There are several ways kernel can deal with unaccepted memory:
1. Accept all the memory during the boot. It is easy to implement and
it doesn't have runtime cost once the system is booted. The downside
is very long boot time.
Accept can be parallelized to multiple CPUs to keep it manageable
(i.e. via DEFERRED_STRUCT_PAGE_INIT), but it tends to saturate
memory bandwidth and does not scale beyond the point.
2. Accept a block of memory on the first use. It requires more
infrastructure and changes in page allocator to make it work, but
it provides good boot time.
On-demand memory accept means latency spikes every time kernel steps
onto a new memory block. The spikes will go away once workload data
set size gets stabilized or all memory gets accepted.
3. Accept all memory in background. Introduce a thread (or multiple)
that gets memory accepted proactively. It will minimize time the
system experience latency spikes on memory allocation while keeping
low boot time.
This approach cannot function on its own. It is an extension of #2:
background memory acceptance requires functional scheduler, but the
page allocator may need to tap into unaccepted memory before that.
The downside of the approach is that these threads also steal CPU
cycles and memory bandwidth from the user's workload and may hurt
user experience.
Implement #2 for now. It is a reasonable default. Some workloads may
want to use #1 or #3 and they can be implemented later based on user's
demands.
Support of unaccepted memory requires a few changes in core-mm code:
- memblock has to accept memory on allocation;
- page allocator has to accept memory on the first allocation of the
page;
Memblock change is trivial.
The page allocator is modified to accept pages. New memory gets accepted
before putting pages on free lists. It is done lazily: only accept new
pages when we run out of already accepted memory.
Architecture has to provide two helpers if it wants to support
unaccepted memory:
- accept_memory() makes a range of physical addresses accepted.
- range_contains_unaccepted_memory() checks anything within the range
of physical addresses requires acceptance.

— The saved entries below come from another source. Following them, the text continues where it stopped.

(* Let $\Bbbk$ be an algebraically closed field of characteristic zero. Let $r,s,a,b$ be positive integers with $a\le b$, $r\ge s$, and let $\lambda=p/q>0$ in lowest terms, such that $B=\begin{bmatrix} r & s\\ -\lambda r & -\lambda s\\ a & b\end{bmatrix}$ is an integer matrix of rank $2$. Let $I(B)=\langle x^rz^a-y^{\lambda r},\ x^sz^b-y^{\lambda s}\rangle\subseteq\Bbbk[x,y,z]$ and $P=\mathbb{N}^2\times\mathbb{Z}$, with $\Bbbk[P]=\Bbbk[z^{\pm1}][x,y]$. Then \begin{align*} &\{(u_x,u_y)\in\mathbb{N}^2\mid \exists u_z\in\mathbb{Z} \text{ such that } (u_x,u_y,u_z) \text{ is an infinite vertex of } \mathscr{G}_P(\Bbbk[P]\cdot I(B))\}\\ =&\{(u_x,u_y)\in\mathbb{N}^2\mid \exists u_z\in\mathbb{N} \text{ such that } (u_x,u_y,u_z) \text{ is an infinite vertex of } \mathscr{G}(I(B))\}. \end{align*} Consequently, the primary component of $I(B)$ corresponding to the associated prime $\langle x,y\rangle$ is \[ (I(B):z^\infty)+\langle x^{u_x}y^{u_y}\mid \exists u_z\in\mathbb{N} \text{ such that } (u_x,u_y,u_z) \text{ is an infinite vertex of } G(B)\rangle . \]
   Context: For a monoid $P\subseteq\mathbb{Z}^3$ and a binomial ideal $I\subseteq\Bbbk[P]$, the graph $\mathscr{G}_P(I)$ has vertex set $P$ and an edge between $u,v$ iff $x^u-\rho x^v\in I$ for some nonzero $\rho\in\Bbbk$; $\mathscr{G}(I)=\mathscr{G}_{\mathbb{N}^3}(I)$. $G(B)$ is the graph with vertex set $\mathbb{N}^3$ in which $u,v$ are adjacent iff $u-v$ or $v-u$ is a column of $B$. A vertex is infinite if its connected component has infinitely many vertices. $(I:z^\infty)$ is the saturation of $I$ with respect to $z$. *)

From HB Require Import structures.
From mathcomp Require Import all_boot all_order all_algebra.
From mathcomp Require Import mpoly.
Set Implicit Arguments. Unset Strict Implicit. Unset Printing Implicit Defensive.
Import Order.TTheory GRing.Theory Num.Theory.
Local Open Scope ring_scope.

Signed-off-by: Kirill A. Shutemov <kirill.shutemov@linux.intel.com>
Acked-by: Mike Rapoport <rppt@linux.ibm.com> # memblock
---
include/linux/mmzone.h | 5 ++
include/linux/page-flags.h | 24 ++++++++
mm/internal.h | 12 ++++
mm/memblock.c | 9 +++
mm/page_alloc.c | 119 +++++++++++++++++++++++++++++++++++++
5 files changed, 169 insertions(+)
diff --git a/include/linux/mmzone.h b/include/linux/mmzone.h
index 5f74891556f3..da335381e63f 100644
--- a/include/linux/mmzone.h
+++ b/include/linux/mmzone.h
@@ -822,6 +822,11 @@ struct zone {
/* free areas of different sizes */
struct free_area free_area[MAX_ORDER];
+#ifdef CONFIG_UNACCEPTED_MEMORY
+ /* pages to be accepted */
+ struct list_head unaccepted_pages;
+#endif
+
/* zone flags, see below */
unsigned long flags;
diff --git a/include/linux/page-flags.h b/include/linux/page-flags.h
index 0b0ae5084e60..ce953be8fe10 100644
--- a/include/linux/page-flags.h
+++ b/include/linux/page-flags.h
@@ -941,6 +941,7 @@ static inline bool is_page_hwpoison(struct page *page)
#define PG_offline 0x00000100
#define PG_table 0x00000200
#define PG_guard 0x00000400
+#define PG_unaccepted 0x00000800
#define PageType(page, flag) \
((page->page_type & (PAGE_TYPE_BASE | flag)) == PAGE_TYPE_BASE)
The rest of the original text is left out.